Table 2 above confirms this. “Fertility” refers to how many tokens are needed per word.

  • Llama 3 has a very low byte fallback rate (0.08), meaning it is usually efficient. But when it hits that specific edge case (the grammatical suffix), the sudden spike in tokens destroys the perplexity score.
  • Weblab has a massive byte fallback rate (0.66). It is struggling constantly, but consistently.

Implications: Generating Ungrammatical Translations

Does this only matter for perplexity scores? Unfortunately, no. It affects text generation too.

When an LLM generates text, it looks for the path of least resistance (highest probability).
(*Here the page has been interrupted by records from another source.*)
(* Choose i with discrepancy i - G just below kfrac alpha k0, by density of the orbit of alpha. *)
Lemma threshold_at_realized n k0 : (1 <= k0)%nat -> exists i, threshold_at n i k0.
Proof.
  intros Hk0. destruct discrepancy_window as [G HG].
  pose proof (kfrac_pos alpha Hirr k0 Hk0) as Hpos.
  destruct (list_gap_below (seq 1 n) (kfrac alpha) (kfrac alpha k0) Hpos) as [e [He Hgap]].
  destruct (orbit_dense alpha Hirr (- G) (kfrac alpha k0 - e) (kfrac alpha k0)) as [i [z Hi]];
    [lra|].
  assert (Hd : discrepancy i - G = - G - INR i * alpha + IZR z).
  { assert (Z.of_nat (bcount u 0 i) = z) as <-; [|rewrite <- INR_IZR_INZ; unfold discrepancy; lra].
    apply Zminus_eq, IZR_between_m1_1. rewrite minus_IZR, <- INR_IZR_INZ.
    specialize (HG i). unfold discrepancy in HG. pose proof (kfrac_range alpha k0). lra. }
  exists i. intros k Hk. split.
  - intros Hh. apply Rnot_lt_le. intros Hlt.
    specialize (Hgap k ltac:(apply in_seq; lia) Hlt).
    apply (light_of_gt_kfrac G HG i k); [lia | lra | exact Hh].
  - intros Hle. apply (heavy_of_lt_kfrac G HG i k); [lia | lra].
Qed.

Lemma threshold_at_of_heavy n i : (1 <= n)%nat -> heavy i n ->
  exists k0, (1 <= k0 <= n)%nat /\ kfrac alpha k0 <= kfrac alpha n /\ threshold_at n i k0.
Proof.
  intros Hn Hh.
  destruct (list_argmin (seq 1 n) (heavy i) (kfrac alpha)) as [k0 [Ik0 [Hk0 Hmin]]].
  { exists n. split; [apply in_seq; lia | exact Hh]. }
  apply in_seq in Ik0. exists k0. split; [lia|]. split.
  { apply Hmin; [apply in_seq; lia | exact Hh]. }
  intros k Hk. split.
  - intros Hhk. apply Hmin; [apply in_seq; lia | exact Hhk].
  - intros Hle. apply NNPP. intros Hl.
    pose proof (kfrac_lt_of_heavy_light i k0 k ltac:(lia) ltac:(lia) Hk0 Hl). lra.
Qed.

Lemma threshold_at_factor_eq n i j k0 : threshold_at n i k0 -> threshold_at n j k0 ->
  factor_at u i n = factor_at u j n.
Proof.
  intros Hi Hj. apply factor_eq_of_heavy_iff. intros k Hk.
  rewrite (Hi k Hk), (Hj k Hk). reflexivity.
Qed.

Lemma threshold_at_inj n i j a b : (1 <= a <= n)%nat -> (1 <= b <= n)%nat ->
  threshold_at n i a -> threshold_at n j b -> factor_at u i n = factor_at u j n -> a = b.
Proof.
  intros Ha Hb Hi Hj E. apply (kfrac_inj alpha Hirr).
  pose proof (heavy_iff_of_factor_eq n i j E) as Hij.
  apply Rle_antisym.
  - apply Hi; [exact Hb|]. apply Hij; [lia|]. apply Hj; [exact Hb | lra].
  - apply Hj; [exact Ha|]. apply Hij; [lia|]. apply Hi; [exact Ha | lra].
Qed.

End Balanced.

Lemma P_set_iff_heavy alpha u n w : irrational alpha -> (1 <= n)%nat ->
  P_set u alpha n w <-> exists i, w = factor_at u i n /\ heavy alpha u i n.
Proof.
  intros Hirr Hn. unfold P_set, heavy, bcount.
  rewrite (Zceil_mul_irrational alpha Hirr n Hn), (Zfloor_compl_mul_irrational alpha Hirr n Hn).
  split.
  - intros [[i Ei] [Hl [_ Ht]]]. rewrite Hl in Ei. exists i. rewrite <- Ei. split; trivial.
  - intros [i [-> Ht]]. pose proof (occ_false_add_true (factor_at u i n)) as Hsum.
    rewrite factor_at_length in Hsum.
    split; [exists i; rewrite factor_at_length; reflexivity|].
    split; [apply factor_at_length|]. split; [lia | exact Ht].
Qed.

Lemma In_rhs_filter alpha n k :
  In k (filter (fun k => if Rle_dec (frac (INR k * alpha)) (frac (INR n * alpha))
                         then true else false) (seq 1 n)) <->
  (1 <= k <= n)%nat /\ kfrac alpha k <= kfrac alpha n.
Proof.
  rewrite filter_In, in_seq. unfold kfrac.
  destruct (Rle_dec (frac (INR k * alpha)) (frac (INR n * alpha))); intuition (lia || discriminate).
Qed.

Theorem lemma2 (alpha : R) (Ha : 0 < alpha < 1) (Hirr : irrational alpha)
  (u : word) (Hu : sturmian u) (Hf : freq_b u alpha) :
  forall n : nat, (1 <= n)%nat -> card_is (P_set u alpha n) (rhs_count alpha n).
Proof.
  intros n Hn. destruct Hu as [Hbal _]. unfold rhs_count.
  set (ks := filter _ (seq 1 n)).
  assert (Hks : forall k, In k ks <-> (1 <= k <= n)%nat /\ kfrac alpha k <= kfrac alpha n)
    by apply In_rhs_filter.
  destruct (list_choice (seq 1 n) (fun k i => threshold_at alpha u n i k)) as [f Hth].
  { intros k Hk. apply in_seq in Hk. apply threshold_at_realized; trivial. lia. }
  assert (Hth' : forall k, (1 <= k <= n)%nat -> threshold_at alpha u n (f k) k)
    by (intros k Hk; apply Hth, in_seq; lia).
  exists (map (fun k => factor_at u (f k) n) ks). split; [|split].
  - apply NoDup_map_NoDup_ForallPairs; [|apply NoDup_filter, seq_NoDup].
    intros a b Ia Ib E. apply Hks in Ia, Ib.
    apply (threshold_at_inj alpha u Hirr n (f a) (f b)); try apply Hth'; tauto.
  - intro w. rewrite in_map_iff, (P_set_iff_heavy alpha u n w Hirr Hn). split.
    + intros [k [<- Ik]]. apply Hks in Ik as [Ik Hle].
      exists (f k). split; [reflexivity|]. apply (Hth' k Ik); [lia | exact Hle].
    + intros [i [-> Hh]].
      destruct (threshold_at_of_heavy alpha u Hirr Hbal Hf n i Hn Hh) as [k [Hk [Hle Hi]]].
      exists k. split; [|apply Hks; tauto].
      exact (threshold_at_factor_eq alpha u Hirr Hbal Hf n (f k) i k (Hth' k Hk) Hi).
  - rewrite length_map. reflexivity.
Qed.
If the grammatical suffix requires a “expensive” sequence of byte tokens, the model will avoid it.

The researchers tested this by asking the models to translate English sentences like “My mother is embarrassed” into Japanese.

Table 3: Weblab and Llama 3 outputs when asked to translate the English sentence“My mother is {psych predicate}” into Japanese.While Llama 3 struggled to output evidential expresions at all,Weblab was able to consistently output evidential expressions with a third person subject feeling“cold”or “embarrassed.” Here “grammatical” indicates alternative phrasings that are grammatical translations of the sentence,but do not require the use of evidential expressions.

As shown in Table 3:

  • Weblab (the “weaker” model) successfully used the correct evidential expression (marked with a checkmark) in 90 out of 100 cases for “embarrassed.”
  • Llama 3 struggled significantly. For “lonely” and “pain,” it never used the evidential form. It defaulted to the ungrammatical “no evidential” form 100% of the time.
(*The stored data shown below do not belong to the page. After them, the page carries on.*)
(* Define \[ \nu_1(z;q):=\sum_{n=0}^{\infty} \frac{z^n q^{n^2+n}}{(-q;q^2)_{n+1}}. \] Then, as formal power series in $q$ whose coefficients are polynomials in $z$ (equivalently, for $|q|<1$ and $z$ in a suitable region of convergence), \[ \nu_1(z;q)=\sum_{n=0}^{\infty} (zq;q^2)_n\,(-q)^n . \]
   Context: For $a$ and $q$, $(a;q)_0:=1$, $(a;q)_n:=(1-a)(1-aq)\cdots(1-aq^{n-1})$ for $n\ge1$. *)

(* Formal power series in q with coefficients in Z[z] are
   handled through their truncations modulo q^N, represented as elements of
   {poly {poly int}} (outer variable q, inner variable z). *)
From mathcomp Require Import all_boot all_order all_algebra.
Set Implicit Arguments. Unset Strict Implicit. Unset Printing Implicit Defensive.
Import Order.TTheory GRing.Theory Num.Theory.
Local Open Scope ring_scope.

Notation ZzQ := {poly {poly int}}.

Definition qv : ZzQ := 'X.
Definition zv : ZzQ := ('X : {poly int})%:P.

Definition qpoch (a q : ZzQ) (n : nat) : ZzQ := \prod_(i < n) (1 - a * q ^+ i).

Definition trunc (N : nat) (p : ZzQ) : ZzQ := \poly_(i < N) p`_i.

(* inverse modulo q^N of a power series p with p(0) = 1:
   1/p = sum_j (1-p)^j, truncated *)
Definition inv_trunc (N : nat) (p : ZzQ) : ZzQ :=
  trunc N (\sum_(j < N) (1 - p) ^+ j).

(* nu_1(z;q) modulo q^N.  Terms with n >= N are divisible by q^(n^2+n),
   hence by q^N, so they are omitted. *)
Definition nu1_trunc (N : nat) : ZzQ :=
  trunc N (\sum_(n < N) zv ^+ n * qv ^+ (n * n + n)%N
                         * inv_trunc N (qpoch (- qv) (qv ^+ 2) n.+1)).

(* sum_{n>=0} (zq;q^2)_n (-q)^n modulo q^N.  Terms with n >= N are divisible
   by q^n, hence by q^N, so they are omitted. *)
Definition rhs_trunc (N : nat) : ZzQ :=
  trunc N (\sum_(n < N) qpoch (zv * qv) (qv ^+ 2) n * (- qv) ^+ n).

(* Both sides satisfy the functional equation F(z) = 1 - q (1 - zq) F(zq^2),
   and modulo q^N this equation determines F by induction on N, because its
   right-hand side only involves F multiplied by q.  For the right-hand side
   this is the recursion (zq;q^2)_(n+1) = (1 - zq) (zq^3;q^2)_n.  For nu_1 it
   is a telescoping sum: with (-q;q^2)_(n+1) = (-q;q^2)_n (1 + q^(2n+1)), the
   n-th terms of nu_1(z) + q nu_1(zq^2) and of zq^2 nu_1(zq^2) cancel against
   each other with a shift of one. *)
From mathcomp Require Import all_boot all_order all_algebra.
From mathcomp Require Import ring zify.
Set Implicit Arguments. Unset Strict Implicit. Unset Printing Implicit Defensive.
Import GRing.Theory.
Local Open Scope ring_scope.

Section CongruenceModXn.

Variable R : comNzRingType.
Implicit Types (p r s t : {poly R}) (K N : nat).

Definition eqmodX K p r := exists c, p - r = 'X^K * c.

Lemma eqmodX0 p r : eqmodX 0 p r.
Proof. by exists (p - r); rewrite expr0 mul1r. Qed.

Lemma eqmodX_refl K p : eqmodX K p p.
Proof. by exists 0; rewrite subrr mulr0. Qed.

Lemma eqmodX_sym K p r : eqmodX K p r -> eqmodX K r p.
Proof. by case=> c e; exists (- c); rewrite mulrN -e opprB. Qed.

Lemma eqmodX_trans K p r s : eqmodX K p r -> eqmodX K r s -> eqmodX K p s.
Proof.
by case=> c e [d e']; exists (c + d); rewrite mulrDr -e -e' addrA subrK.
Qed.

Lemma eqmodXD K p r s t :
  eqmodX K p r -> eqmodX K s t -> eqmodX K (p + s) (r + t).
Proof. by case=> c e [d e']; exists (c + d); rewrite mulrDr -e -e'; ring. Qed.

Lemma eqmodXN K p r : eqmodX K p r -> eqmodX K (- p) (- r).
Proof. by case=> c e; exists (- c); rewrite mulrN -e; ring. Qed.

Lemma eqmodXB K p r s t :
  eqmodX K p r -> eqmodX K s t -> eqmodX K (p - s) (r - t).
Proof. by move=> epr est; apply/eqmodXD/eqmodXN. Qed.

Lemma eqmodXM K p r s t :
  eqmodX K p r -> eqmodX K s t -> eqmodX K (p * s) (r * t).
Proof.
case=> c e [d e']; exists (c * s + r * d).
by rewrite mulrDr mulrA -e mulrCA -e'; ring.
Qed.

Lemma eqmodXMl K p r s : eqmodX K p r -> eqmodX K (s * p) (s * r).
Proof. exact/eqmodXM/eqmodX_refl. Qed.

Lemma eqmodX_prod K n (F G : 'I_n -> {poly R}) :
  (forall i, eqmodX K (F i) (G i)) -> eqmodX K (\prod_i F i) (\prod_i G i).
Proof.
move=> eFG; elim/big_rec2: _ => [|i x y _]; first exact: eqmodX_refl.
exact: eqmodXM.
Qed.

Lemma eqmodX_le N K p r : (N <= K)%N -> eqmodX K p r -> eqmodX N p r.
Proof.
by move=> leNK [c e]; exists ('X^(K - N) * c); rewrite e mulrA -exprD subnKC.
Qed.

Lemma eqmodX_mulXn K n p : (K <= n)%N -> eqmodX K ('X^n * p) 0.
Proof. by move=> leKn; apply: (eqmodX_le leKn); exists p; rewrite subr0. Qed.

Lemma eqmodX_mulX K p r : eqmodX K p r -> eqmodX K.+1 ('X * p) ('X * r).
Proof. by case=> c e; exists c; rewrite -mulrBr e exprS mulrA. Qed.

Lemma eqmodX_rmorph (f : {rmorphism {poly R} -> {poly R}}) K p r :
  f 'X = 'X -> eqmodX K p r -> eqmodX K (f p) (f r).
Proof.
by move=> fX [c e]; exists (f c); rewrite -rmorphB e rmorphM rmorphXn fX.
Qed.

Lemma eqmodX_take K p : eqmodX K (take_poly K p) p.
Proof.
by exists (- drop_poly K p); rewrite -{2}(poly_take_drop K p); ring.
Qed.

Lemma take_poly_eqmodX K p r : eqmodX K p r -> take_poly K p = take_poly K r.
Proof.
case=> c e; have -> : p = r + c * 'X^K by rewrite mulrC -e; ring.
by rewrite take_polyD take_polyMXn_0 addr0.
Qed.

(* (sum_(j < K) (1 - p)^j) p = 1 - (1 - p)^K, and X divides 1 - p. *)
Lemma eqmodX_inv K p :
  eqmodX 1 p 1 -> eqmodX K (take_poly K (\sum_(j < K) (1 - p) ^+ j) * p) 1.
Proof.
case=> c; rewrite expr1 => ep.
apply: (@eqmodX_trans _ _ ((\sum_(j < K) (1 - p) ^+ j) * p)).
  exact/eqmodXM/eqmodX_refl/eqmodX_take.
have -> : (\sum_(j < K) (1 - p) ^+ j) * p = 1 - (1 - p) ^+ K.
  have := subrX1 (1 - p) K; rewrite [1 - p - 1](_ : _ = - p); last by ring.
  by rewrite mulNr mulrC => /eqP; rewrite -opprB eqr_opp => /eqP <-.
have -> : 1 - p = 'X * - c by rewrite mulrN -ep opprB.
by exists (- (- c) ^+ K); rewrite exprMn; ring.
Qed.

Lemma eqmodX_inv_unique K e d e' d' c :
  eqmodX K (e * d) 1 -> eqmodX K (e' * d') 1 -> d' = d * c -> eqmodX K e (c * e').
Proof.
move=> ed ed' edc; subst d'.
apply: (@eqmodX_trans _ _ (e * (e' * (d * c)))).
  by rewrite -[e in eqmodX _ e]mulr1; exact/eqmodXMl/eqmodX_sym.
have -> : e * (e' * (d * c)) = (e * d) * (c * e') by ring.
by rewrite -[X in eqmodX _ _ X]mul1r; exact/eqmodXM/eqmodX_refl.
Qed.

Lemma eqmodX_telescope K k (a s : nat -> {poly R}) u c :
  eqmodX K (a 0%N + u * s 0%N) 1 ->
  (forall n, (n < k)%N -> eqmodX K (a n.+1 + u * s n.+1) (c * s n)) ->
  eqmodX K (c * s k) 0 ->
  eqmodX K (\sum_(n < k.+1) a n) (1 - (u - c) * \sum_(n < k.+1) s n).
Proof.
move=> e0 eS etail.
have partial m : (m <= k)%N -> eqmodX K
    (\sum_(n < m.+1) a n + u * \sum_(n < m.+1) s n) (1 + c * \sum_(n < m) s n).
  elim: m => [|m IH] ltmk; first by rewrite !big_ord1 big_ord0 mulr0 addr0.
  rewrite (big_ord_recr m.+1 a) (big_ord_recr m.+1 s).
  rewrite [in X in eqmodX _ _ X]big_ord_recr /=.
  rewrite !mulrDr addrACA [in X in eqmodX _ _ X]addrA.
  exact: eqmodXD (IH (ltnW ltmk)) (eS m ltmk).
have -> : 1 - (u - c) * \sum_(n < k.+1) s n =
    1 + c * \sum_(n < k) s n + c * s k - u * \sum_(n < k.+1) s n.
  by rewrite big_ord_recr /=; ring.
rewrite -[X in eqmodX _ X](addrK (u * \sum_(n < k.+1) s n)).
apply/eqmodXB/eqmodX_refl; rewrite -[X in eqmodX _ X]addr0.
exact: eqmodXD (partial k (leqnn k)) (eqmodX_sym etail).
Qed.

Variable sigma : {rmorphism {poly R} -> {poly R}}.
Hypothesis sigmaX : sigma 'X = 'X.

Lemma eqmodX_fixpoint_unique K (b c f g : {poly R}) :
  eqmodX K f (b + 'X * (c * sigma f)) -> eqmodX K g (b + 'X * (c * sigma g)) ->
  eqmodX K f g.
Proof.
move=> ef eg; suff: forall N, (N <= K)%N -> eqmodX N f g by apply.
elim=> [|N IH] leNK; first exact: eqmodX0.
apply: (eqmodX_trans (eqmodX_le leNK ef)); apply: eqmodX_sym.
apply: (eqmodX_trans (eqmodX_le leNK eg)); apply: eqmodX_sym.
apply: eqmodXD (eqmodX_refl _ _) _.
exact/eqmodX_mulX/eqmodXMl/(eqmodX_rmorph sigmaX)/IH/ltnW.
Qed.

End CongruenceModXn.

Lemma zshift_coef_comm : commr_rmorph (intr : int -> ZzQ) (zv * qv ^+ 2).
Proof. by move=> a; rewrite /GRing.comm mulrC. Qed.

Definition zshift_coef := horner_morph zshift_coef_comm.

Lemma zshift_comm : commr_rmorph zshift_coef qv.
Proof. by move=> a; rewrite /GRing.comm mulrC. Qed.

Definition zshift : {rmorphism ZzQ -> ZzQ} := horner_morph zshift_comm.

Lemma zshift_q : zshift qv = qv.
Proof. exact: horner_morphX. Qed.

Lemma zshift_z : zshift zv = zv * qv ^+ 2.
Proof. by rewrite [LHS]horner_morphC; exact: horner_morphX. Qed.

Definition nu_funeq K (F : ZzQ) :=
  eqmodX K F (1 + qv * ((zv * qv - 1) * zshift F)).

Definition poch_zq n := qpoch (zv * qv) (qv ^+ 2) n.

Lemma poch_zqS n : poch_zq n.+1 = (1 - zv * qv) * zshift (poch_zq n).
Proof.
rewrite /poch_zq /qpoch big_ord_recl rmorph_prod expr0 mulr1; congr (_ * _).
apply: eq_bigr => i _; rewrite rmorphB rmorph1 !rmorphM !rmorphXn.
by rewrite zshift_z zshift_q lift0 exprS; ring.
Qed.

Definition rhs_sum K := \sum_(n < K) poch_zq n * (- qv) ^+ n.

Lemma rhs_termS n : poch_zq n.+1 * (- qv) ^+ n.+1 =
  qv * ((zv * qv - 1) * zshift (poch_zq n * (- qv) ^+ n)).
Proof. by rewrite poch_zqS rmorphM rmorphXn rmorphN zshift_q exprS; ring. Qed.

Lemma rhs_sum_funeq K : nu_funeq K (rhs_sum K).
Proof.
case: K => [|k]; first exact: eqmodX0.
rewrite /nu_funeq /rhs_sum rmorph_sum big_ord_recl.
rewrite [in X in eqmodX _ _ X]big_ord_recr /=.
under eq_bigr do rewrite rhs_termS.
have -> : poch_zq 0 = 1 by rewrite /poch_zq /qpoch big_ord0.
rewrite expr0 mulr1 -!mulr_sumr !mulrDr addrA -[X in eqmodX _ X]addr0.
apply: eqmodXD; first exact: eqmodX_refl.
(* What is left over is the (k+1)-th term, a multiple of (-q)^(k+1). *)
by rewrite -rhs_termS exprNn mulrA mulrC; exact/eqmodX_sym/eqmodX_mulXn.
Qed.

Definition poch_mq n := qpoch (- qv) (qv ^+ 2) n.

Definition inv_poch K n := inv_trunc K (poch_mq n.+1).

Definition nu1_term n := zv ^+ n * qv ^+ (n * n + n).

Definition nu1_sum K := \sum_(n < K) nu1_term n * inv_poch K n.

Lemma poch_mq_eqmodX1 n : eqmodX 1 (poch_mq n) 1.
Proof.
have := @eqmodX_prod _ 1 n (fun i => 1 - - qv * (qv ^+ 2) ^+ i) (fun=> 1).
rewrite prodr_const expr1n; apply=> i.
by exists ((qv ^+ 2) ^+ i); rewrite expr1 /qv; ring.
Qed.

Lemma inv_poch_mul K n : eqmodX K (inv_poch K n * poch_mq n.+1) 1.
Proof. exact: eqmodX_inv (poch_mq_eqmodX1 _). Qed.

Lemma poch_mqS n : poch_mq n.+1 = poch_mq n * (1 + qv * (qv ^+ 2) ^+ n).
Proof. by rewrite /poch_mq /qpoch big_ord_recr /= mulNr opprK. Qed.

Lemma zshift_poch_mq n : zshift (poch_mq n) = poch_mq n.
Proof.
rewrite rmorph_prod; apply: eq_bigr => i _.
by rewrite rmorphB rmorph1 rmorphM rmorphN !rmorphXn zshift_q.
Qed.

Lemma zshift_inv_poch K n : eqmodX K (zshift (inv_poch K n)) (inv_poch K n).
Proof.
have shifted : eqmodX K (zshift (inv_poch K n) * poch_mq n.+1) 1.
  rewrite -zshift_poch_mq -rmorphM -(rmorph1 zshift).
  exact: eqmodX_rmorph zshift_q (inv_poch_mul K n).
rewrite -[X in eqmodX _ _ X]mul1r.
exact: eqmodX_inv_unique shifted (inv_poch_mul K n) (esym (mulr1 _)).
Qed.

Lemma inv_pochS K n :
  eqmodX K (inv_poch K n) ((1 + qv * (qv ^+ 2) ^+ n.+1) * inv_poch K n.+1).
Proof.
exact: eqmodX_inv_unique (inv_poch_mul K n) (inv_poch_mul K n.+1) (poch_mqS n.+1).
Qed.

Lemma zshift_nu1_term n : zshift (nu1_term n) = nu1_term n * (qv ^+ 2) ^+ n.
Proof. by rewrite /nu1_term rmorphM !rmorphXn zshift_z zshift_q exprMn; ring. Qed.

Lemma nu1_termS n : zv * qv ^+ 2 * (nu1_term n * (qv ^+ 2) ^+ n) = nu1_term n.+1.
Proof.
rewrite /nu1_term -exprM.
rewrite (_ : (n.+1 * n.+1 + n.+1 = n * n + n + 2 * n + 2)%N); last by lia.
by rewrite !exprD !exprS; ring.
Qed.

Lemma zshift_nu1_summand K n :
  eqmodX K (zshift (nu1_term n * inv_poch K n))
           (nu1_term n * (qv ^+ 2) ^+ n * inv_poch K n).
Proof. by rewrite rmorphM zshift_nu1_term; exact/eqmodXMl/zshift_inv_poch. Qed.

Lemma nu1_funeq_head K :
  eqmodX K (nu1_term 0 * inv_poch K 0
            + qv * zshift (nu1_term 0 * inv_poch K 0)) 1.
Proof.
have -> : nu1_term 0 = 1 by rewrite /nu1_term !expr0 mulr1.
rewrite mul1r; apply: eqmodX_trans (inv_poch_mul K 0).
rewrite poch_mqS /poch_mq /qpoch big_ord0 expr0 mul1r mulr1.
rewrite mulrDr mulr1 [_ * qv]mulrC.
by apply: eqmodXD; [exact: eqmodX_refl | exact/eqmodXMl/zshift_inv_poch].
Qed.

Lemma nu1_funeq_step K n :
  eqmodX K (nu1_term n.+1 * inv_poch K n.+1
            + qv * zshift (nu1_term n.+1 * inv_poch K n.+1))
           (zv * qv ^+ 2 * zshift (nu1_term n * inv_poch K n)).
Proof.
apply: (@eqmodX_trans _ _ _ (nu1_term n.+1 * inv_poch K n)).
  apply: (@eqmodX_trans _ _ _
    (nu1_term n.+1 * ((1 + qv * (qv ^+ 2) ^+ n.+1) * inv_poch K n.+1)));
    last exact/eqmodXMl/eqmodX_sym/inv_pochS.
  rewrite [X in eqmodX _ _ X](_ : _ = nu1_term n.+1 * inv_poch K n.+1 +
      qv * (nu1_term n.+1 * (qv ^+ 2) ^+ n.+1 * inv_poch K n.+1)); last by ring.
  by apply: eqmodXD; [exact: eqmodX_refl | exact/eqmodXMl/zshift_nu1_summand].
rewrite -nu1_termS -mulrA; exact/eqmodX_sym/eqmodXMl/zshift_nu1_summand.
Qed.

Lemma nu1_funeq_tail k :
  eqmodX k.+1 (zv * qv ^+ 2 * zshift (nu1_term k * inv_poch k.+1 k)) 0.
Proof.
rewrite rmorphM zshift_nu1_term mulrA nu1_termS.
rewrite /nu1_term addnC exprD mulrCA -mulrA.
exact: eqmodX_mulXn.
Qed.

Lemma nu1_sum_funeq K : nu_funeq K (nu1_sum K).
Proof.
case: K => [|k]; first exact: eqmodX0.
pose a n := nu1_term n * inv_poch k.+1 n.
rewrite /nu_funeq /nu1_sum rmorph_sum.
rewrite (_ : 1 + _ = 1 - (qv - zv * qv ^+ 2) * \sum_(n < k.+1) zshift (a n));
  last by ring.
apply: (eqmodX_telescope (a := a) (s := fun n => zshift (a n))).
- exact: nu1_funeq_head.
- by move=> n _; exact: nu1_funeq_step.
- exact: nu1_funeq_tail.
Qed.

Theorem theorem1p2 : forall N : nat, nu1_trunc N = rhs_trunc N.
Proof.
move=> N; change (trunc N (nu1_sum N) = trunc N (rhs_sum N)).
apply: take_poly_eqmodX.
exact: (eqmodX_fixpoint_unique (sigma := zshift) zshift_q)
  (nu1_sum_funeq N) (rhs_sum_funeq N).
Qed.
Llama 3 is so biased against the tokenization of the correct suffix that it prefers to output broken Japanese rather than “pay the cost” of generating those tokens.

Conclusion

This research highlights a critical blind spot in current LLM development. We often assume that scaling up parameters and data will solve everything. However, tokenization is the foundation of language modeling. If the foundation is cracked—or inconsistent—the model builds a distorted view of the language.

The key takeaways are:

  1. Grammar is bound to tokenization: A model’s ability to learn grammar is capped by how consistently it tokenizes the necessary morphemes.
  2. Efficiency isn’t always effectiveness: A tokenizer that is 99% efficient but fails on the 1% of suffixes required for high-level grammar will cause the model to sound like a beginner.
  3. Consistency matters: Paradoxically, a uniformly bad tokenizer (like Weblab’s) allowed the underlying statistical learning to shine through, whereas Llama 3’s inconsistent capability masked its own knowledge.

For future models to truly master languages like Japanese, we don’t just need more data—we need tokenizers that treat grammatical structures with the respect they deserve. Until then, even the smartest AIs might continue to be baffled by what feels unnatural to them, but perfectly normal to us.